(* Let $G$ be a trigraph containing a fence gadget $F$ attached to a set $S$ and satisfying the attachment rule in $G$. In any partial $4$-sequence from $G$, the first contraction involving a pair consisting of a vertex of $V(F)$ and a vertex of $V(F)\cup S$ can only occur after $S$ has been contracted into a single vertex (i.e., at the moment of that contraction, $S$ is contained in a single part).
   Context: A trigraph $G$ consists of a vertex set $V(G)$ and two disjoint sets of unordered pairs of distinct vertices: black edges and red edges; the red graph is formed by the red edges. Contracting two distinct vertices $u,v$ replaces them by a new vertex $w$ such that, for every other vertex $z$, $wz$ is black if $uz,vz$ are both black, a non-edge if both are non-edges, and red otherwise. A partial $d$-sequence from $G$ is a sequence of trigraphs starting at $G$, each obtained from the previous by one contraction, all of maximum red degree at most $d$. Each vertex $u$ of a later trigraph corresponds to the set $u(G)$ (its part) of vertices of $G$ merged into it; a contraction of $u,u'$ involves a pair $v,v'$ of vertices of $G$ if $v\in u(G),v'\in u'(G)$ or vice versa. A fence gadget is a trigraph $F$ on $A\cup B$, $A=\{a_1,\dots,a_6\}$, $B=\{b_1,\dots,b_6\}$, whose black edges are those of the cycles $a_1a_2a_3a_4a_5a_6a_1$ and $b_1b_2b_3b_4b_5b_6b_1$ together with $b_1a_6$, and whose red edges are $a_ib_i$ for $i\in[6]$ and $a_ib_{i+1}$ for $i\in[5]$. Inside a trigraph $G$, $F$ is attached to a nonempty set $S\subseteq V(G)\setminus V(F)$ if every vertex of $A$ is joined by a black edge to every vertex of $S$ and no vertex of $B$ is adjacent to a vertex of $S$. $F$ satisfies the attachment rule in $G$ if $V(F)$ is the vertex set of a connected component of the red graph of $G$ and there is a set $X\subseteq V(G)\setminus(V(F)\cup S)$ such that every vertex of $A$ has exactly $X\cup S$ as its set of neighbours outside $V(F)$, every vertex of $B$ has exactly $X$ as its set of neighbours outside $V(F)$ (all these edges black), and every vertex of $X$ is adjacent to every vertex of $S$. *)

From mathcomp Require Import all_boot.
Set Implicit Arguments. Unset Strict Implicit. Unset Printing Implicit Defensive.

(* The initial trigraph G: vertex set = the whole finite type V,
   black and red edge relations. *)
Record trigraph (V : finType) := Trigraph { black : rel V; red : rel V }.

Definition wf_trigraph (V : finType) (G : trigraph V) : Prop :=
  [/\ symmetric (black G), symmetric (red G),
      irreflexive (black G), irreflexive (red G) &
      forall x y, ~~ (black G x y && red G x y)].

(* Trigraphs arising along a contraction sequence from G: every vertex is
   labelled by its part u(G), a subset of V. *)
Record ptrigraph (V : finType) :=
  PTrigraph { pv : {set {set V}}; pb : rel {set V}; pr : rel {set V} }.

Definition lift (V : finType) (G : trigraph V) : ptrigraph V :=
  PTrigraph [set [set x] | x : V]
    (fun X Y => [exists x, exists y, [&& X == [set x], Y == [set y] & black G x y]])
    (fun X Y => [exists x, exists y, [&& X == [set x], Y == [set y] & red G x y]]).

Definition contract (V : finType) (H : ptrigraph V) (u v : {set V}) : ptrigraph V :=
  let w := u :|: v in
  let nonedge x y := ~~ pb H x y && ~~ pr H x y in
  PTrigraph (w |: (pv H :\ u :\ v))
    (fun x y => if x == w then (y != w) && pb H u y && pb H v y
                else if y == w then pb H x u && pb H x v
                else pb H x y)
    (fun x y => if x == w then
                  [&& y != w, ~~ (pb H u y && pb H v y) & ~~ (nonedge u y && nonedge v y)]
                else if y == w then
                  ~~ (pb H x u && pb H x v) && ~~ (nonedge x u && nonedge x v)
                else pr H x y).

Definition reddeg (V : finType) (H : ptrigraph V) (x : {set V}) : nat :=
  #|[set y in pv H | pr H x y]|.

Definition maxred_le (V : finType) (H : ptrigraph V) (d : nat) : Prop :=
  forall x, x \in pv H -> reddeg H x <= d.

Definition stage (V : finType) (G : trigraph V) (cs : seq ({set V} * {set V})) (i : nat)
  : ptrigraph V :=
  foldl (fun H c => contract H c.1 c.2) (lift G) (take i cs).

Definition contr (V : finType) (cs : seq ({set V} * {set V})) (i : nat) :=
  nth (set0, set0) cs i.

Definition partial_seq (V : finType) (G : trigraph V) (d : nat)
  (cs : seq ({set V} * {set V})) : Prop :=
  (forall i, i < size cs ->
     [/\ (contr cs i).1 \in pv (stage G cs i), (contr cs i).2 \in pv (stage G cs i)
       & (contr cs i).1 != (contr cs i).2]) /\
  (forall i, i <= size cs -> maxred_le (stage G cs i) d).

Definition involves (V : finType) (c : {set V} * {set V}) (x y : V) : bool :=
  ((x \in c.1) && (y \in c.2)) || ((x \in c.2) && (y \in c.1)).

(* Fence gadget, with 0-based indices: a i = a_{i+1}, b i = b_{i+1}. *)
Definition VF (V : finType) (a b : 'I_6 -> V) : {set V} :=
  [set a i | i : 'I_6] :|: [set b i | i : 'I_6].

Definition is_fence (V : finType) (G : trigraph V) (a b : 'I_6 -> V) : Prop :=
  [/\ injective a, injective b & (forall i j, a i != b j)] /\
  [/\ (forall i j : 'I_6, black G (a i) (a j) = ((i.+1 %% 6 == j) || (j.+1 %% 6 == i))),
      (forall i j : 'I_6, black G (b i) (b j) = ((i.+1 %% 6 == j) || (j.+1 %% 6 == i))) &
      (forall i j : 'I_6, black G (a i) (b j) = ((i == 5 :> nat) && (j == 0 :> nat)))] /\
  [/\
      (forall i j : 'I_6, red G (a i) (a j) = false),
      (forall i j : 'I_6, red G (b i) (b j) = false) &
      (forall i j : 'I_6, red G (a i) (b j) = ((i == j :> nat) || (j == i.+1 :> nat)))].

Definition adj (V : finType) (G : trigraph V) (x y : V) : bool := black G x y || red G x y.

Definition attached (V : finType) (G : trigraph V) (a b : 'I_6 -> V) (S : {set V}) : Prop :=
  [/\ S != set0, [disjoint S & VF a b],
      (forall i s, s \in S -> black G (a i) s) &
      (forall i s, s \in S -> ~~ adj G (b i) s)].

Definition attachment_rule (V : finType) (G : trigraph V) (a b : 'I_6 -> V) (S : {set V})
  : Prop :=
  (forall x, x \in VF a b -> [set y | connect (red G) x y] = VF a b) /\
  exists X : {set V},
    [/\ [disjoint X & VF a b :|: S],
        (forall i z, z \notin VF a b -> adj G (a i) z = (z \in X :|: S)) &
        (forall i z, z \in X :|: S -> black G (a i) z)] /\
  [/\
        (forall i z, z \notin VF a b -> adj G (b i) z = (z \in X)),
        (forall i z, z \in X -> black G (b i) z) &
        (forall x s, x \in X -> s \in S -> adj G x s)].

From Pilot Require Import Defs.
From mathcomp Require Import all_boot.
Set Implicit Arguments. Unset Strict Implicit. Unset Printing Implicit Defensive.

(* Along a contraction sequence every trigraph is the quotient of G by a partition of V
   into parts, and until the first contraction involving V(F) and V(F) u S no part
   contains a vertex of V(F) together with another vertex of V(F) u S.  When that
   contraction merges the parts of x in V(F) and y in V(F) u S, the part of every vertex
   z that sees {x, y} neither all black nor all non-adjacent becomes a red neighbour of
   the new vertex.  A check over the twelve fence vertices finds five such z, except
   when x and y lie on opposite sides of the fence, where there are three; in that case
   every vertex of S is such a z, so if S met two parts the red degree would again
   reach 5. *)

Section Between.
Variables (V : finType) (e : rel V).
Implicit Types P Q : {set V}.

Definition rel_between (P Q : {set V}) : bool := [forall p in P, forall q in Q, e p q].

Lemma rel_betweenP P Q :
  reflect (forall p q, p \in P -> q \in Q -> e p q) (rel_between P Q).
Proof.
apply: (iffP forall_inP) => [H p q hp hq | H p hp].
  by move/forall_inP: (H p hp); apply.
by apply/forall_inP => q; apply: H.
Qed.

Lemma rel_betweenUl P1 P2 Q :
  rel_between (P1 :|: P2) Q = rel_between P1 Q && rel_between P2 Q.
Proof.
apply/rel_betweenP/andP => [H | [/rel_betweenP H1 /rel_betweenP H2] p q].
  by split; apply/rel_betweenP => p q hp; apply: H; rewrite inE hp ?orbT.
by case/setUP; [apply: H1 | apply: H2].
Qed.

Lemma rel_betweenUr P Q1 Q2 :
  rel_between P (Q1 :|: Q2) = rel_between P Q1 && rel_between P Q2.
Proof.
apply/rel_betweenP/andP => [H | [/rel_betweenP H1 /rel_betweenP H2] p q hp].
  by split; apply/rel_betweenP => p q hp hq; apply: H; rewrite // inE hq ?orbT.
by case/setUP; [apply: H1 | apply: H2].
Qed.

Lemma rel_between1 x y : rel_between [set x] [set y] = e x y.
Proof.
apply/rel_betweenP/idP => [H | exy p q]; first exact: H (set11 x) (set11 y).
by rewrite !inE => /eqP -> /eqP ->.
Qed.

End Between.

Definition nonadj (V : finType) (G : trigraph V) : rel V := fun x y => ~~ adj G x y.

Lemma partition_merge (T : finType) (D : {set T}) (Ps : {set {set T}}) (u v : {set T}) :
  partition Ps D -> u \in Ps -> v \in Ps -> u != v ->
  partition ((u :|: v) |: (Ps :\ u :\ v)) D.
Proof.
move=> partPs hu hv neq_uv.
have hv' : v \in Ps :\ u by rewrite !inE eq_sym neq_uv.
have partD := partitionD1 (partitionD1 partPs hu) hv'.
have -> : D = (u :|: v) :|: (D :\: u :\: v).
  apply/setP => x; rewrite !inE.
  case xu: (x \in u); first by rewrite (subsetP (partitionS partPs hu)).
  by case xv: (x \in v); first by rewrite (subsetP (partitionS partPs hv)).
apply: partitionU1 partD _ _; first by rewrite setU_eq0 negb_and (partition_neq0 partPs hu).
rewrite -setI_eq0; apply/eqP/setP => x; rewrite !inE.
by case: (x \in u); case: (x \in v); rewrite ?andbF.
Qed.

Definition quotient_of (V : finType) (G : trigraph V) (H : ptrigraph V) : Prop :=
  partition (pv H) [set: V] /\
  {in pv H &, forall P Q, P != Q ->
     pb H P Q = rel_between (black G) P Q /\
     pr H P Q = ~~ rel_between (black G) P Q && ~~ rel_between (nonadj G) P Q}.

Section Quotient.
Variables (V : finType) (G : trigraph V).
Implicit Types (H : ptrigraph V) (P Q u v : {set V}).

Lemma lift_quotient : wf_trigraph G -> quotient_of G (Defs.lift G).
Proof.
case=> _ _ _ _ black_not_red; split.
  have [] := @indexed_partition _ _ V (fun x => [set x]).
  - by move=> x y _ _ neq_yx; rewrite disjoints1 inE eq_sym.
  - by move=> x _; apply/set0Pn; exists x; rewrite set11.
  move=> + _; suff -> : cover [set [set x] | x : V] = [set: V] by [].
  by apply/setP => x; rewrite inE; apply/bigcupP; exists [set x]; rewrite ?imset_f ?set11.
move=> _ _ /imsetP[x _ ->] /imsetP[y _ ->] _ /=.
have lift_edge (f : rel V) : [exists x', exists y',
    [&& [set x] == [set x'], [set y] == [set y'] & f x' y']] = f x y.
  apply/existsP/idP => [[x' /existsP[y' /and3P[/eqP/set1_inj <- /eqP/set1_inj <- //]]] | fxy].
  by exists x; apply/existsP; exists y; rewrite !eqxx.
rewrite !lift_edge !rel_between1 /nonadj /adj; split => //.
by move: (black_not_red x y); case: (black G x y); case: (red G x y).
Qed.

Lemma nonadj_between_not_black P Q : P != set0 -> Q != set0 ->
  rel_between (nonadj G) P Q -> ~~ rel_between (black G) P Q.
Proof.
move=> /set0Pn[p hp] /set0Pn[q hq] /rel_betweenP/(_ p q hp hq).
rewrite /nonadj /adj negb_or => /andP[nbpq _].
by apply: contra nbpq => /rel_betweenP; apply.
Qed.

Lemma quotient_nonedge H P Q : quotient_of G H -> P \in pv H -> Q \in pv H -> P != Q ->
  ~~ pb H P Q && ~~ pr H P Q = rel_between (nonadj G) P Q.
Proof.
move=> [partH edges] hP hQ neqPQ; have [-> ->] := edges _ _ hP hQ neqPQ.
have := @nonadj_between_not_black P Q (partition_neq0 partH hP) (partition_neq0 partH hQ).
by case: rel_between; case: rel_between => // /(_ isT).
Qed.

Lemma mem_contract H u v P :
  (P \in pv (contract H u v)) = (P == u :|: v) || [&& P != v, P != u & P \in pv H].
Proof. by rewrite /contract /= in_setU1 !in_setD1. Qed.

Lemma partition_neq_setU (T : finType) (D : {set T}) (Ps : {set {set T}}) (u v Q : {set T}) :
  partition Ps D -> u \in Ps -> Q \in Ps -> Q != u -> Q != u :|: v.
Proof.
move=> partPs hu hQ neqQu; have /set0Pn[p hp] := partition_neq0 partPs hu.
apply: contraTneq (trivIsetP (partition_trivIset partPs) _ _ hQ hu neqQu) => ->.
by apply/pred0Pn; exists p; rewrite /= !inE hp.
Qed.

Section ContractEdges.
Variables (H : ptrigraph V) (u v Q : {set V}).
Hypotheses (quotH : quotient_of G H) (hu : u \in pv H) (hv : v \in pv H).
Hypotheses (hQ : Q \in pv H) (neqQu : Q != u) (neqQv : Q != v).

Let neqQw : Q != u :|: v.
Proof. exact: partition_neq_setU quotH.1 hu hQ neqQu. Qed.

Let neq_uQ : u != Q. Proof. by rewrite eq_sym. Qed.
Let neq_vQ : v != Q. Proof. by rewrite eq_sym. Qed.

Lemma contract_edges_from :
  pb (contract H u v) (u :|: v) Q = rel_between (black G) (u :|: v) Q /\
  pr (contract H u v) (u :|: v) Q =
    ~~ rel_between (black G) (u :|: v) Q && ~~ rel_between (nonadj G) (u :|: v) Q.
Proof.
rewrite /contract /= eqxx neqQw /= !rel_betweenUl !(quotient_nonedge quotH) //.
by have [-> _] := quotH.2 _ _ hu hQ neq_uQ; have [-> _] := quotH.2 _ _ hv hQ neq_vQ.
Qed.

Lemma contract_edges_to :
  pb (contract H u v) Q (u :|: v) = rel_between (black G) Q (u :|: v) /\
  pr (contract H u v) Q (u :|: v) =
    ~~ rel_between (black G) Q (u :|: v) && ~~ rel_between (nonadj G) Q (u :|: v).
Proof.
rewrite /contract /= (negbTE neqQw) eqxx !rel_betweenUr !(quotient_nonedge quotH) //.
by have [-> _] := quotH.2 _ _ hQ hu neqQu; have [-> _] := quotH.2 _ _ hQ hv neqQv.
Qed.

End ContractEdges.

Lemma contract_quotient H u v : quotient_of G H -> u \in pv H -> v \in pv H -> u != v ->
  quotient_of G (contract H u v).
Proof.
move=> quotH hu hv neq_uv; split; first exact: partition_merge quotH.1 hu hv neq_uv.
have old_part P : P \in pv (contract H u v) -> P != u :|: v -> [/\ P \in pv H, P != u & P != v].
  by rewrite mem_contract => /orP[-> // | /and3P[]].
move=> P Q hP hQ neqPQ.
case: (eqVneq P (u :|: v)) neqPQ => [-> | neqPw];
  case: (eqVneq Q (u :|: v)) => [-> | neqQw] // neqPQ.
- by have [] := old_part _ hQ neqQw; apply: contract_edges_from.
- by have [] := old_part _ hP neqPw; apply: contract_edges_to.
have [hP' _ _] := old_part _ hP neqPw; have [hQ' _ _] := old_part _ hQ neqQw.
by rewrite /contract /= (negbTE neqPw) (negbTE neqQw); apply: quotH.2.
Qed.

● Task to complete
In the listing above, find the line containing "Variables (V : finType) (G : trigraph V)." and the line containing "Lemma quotient_nonedge H", then quote both, plus every line between them, exactly as written.

● Answer to this exercise
Variables (V : finType) (G : trigraph V).
Implicit Types (H : ptrigraph V) (P Q u v : {set V}).

Lemma lift_quotient : wf_trigraph G -> quotient_of G (Defs.lift G).
Proof.
case=> _ _ _ _ black_not_red; split.
  have [] := @indexed_partition _ _ V (fun x => [set x]).
  - by move=> x y _ _ neq_yx; rewrite disjoints1 inE eq_sym.
  - by move=> x _; apply/set0Pn; exists x; rewrite set11.
  move=> + _; suff -> : cover [set [set x] | x : V] = [set: V] by [].
  by apply/setP => x; rewrite inE; apply/bigcupP; exists [set x]; rewrite ?imset_f ?set11.
move=> _ _ /imsetP[x _ ->] /imsetP[y _ ->] _ /=.
have lift_edge (f : rel V) : [exists x', exists y',
    [&& [set x] == [set x'], [set y] == [set y'] & f x' y']] = f x y.
  apply/existsP/idP => [[x' /existsP[y' /and3P[/eqP/set1_inj <- /eqP/set1_inj <- //]]] | fxy].
  by exists x; apply/existsP; exists y; rewrite !eqxx.
rewrite !lift_edge !rel_between1 /nonadj /adj; split => //.
by move: (black_not_red x y); case: (black G x y); case: (red G x y).
Qed.

Lemma nonadj_between_not_black P Q : P != set0 -> Q != set0 ->
  rel_between (nonadj G) P Q -> ~~ rel_between (black G) P Q.
Proof.
move=> /set0Pn[p hp] /set0Pn[q hq] /rel_betweenP/(_ p q hp hq).
rewrite /nonadj /adj negb_or => /andP[nbpq _].
by apply: contra nbpq => /rel_betweenP; apply.
Qed.

Lemma quotient_nonedge H P Q : quotient_of G H -> P \in pv H -> Q \in pv H -> P != Q ->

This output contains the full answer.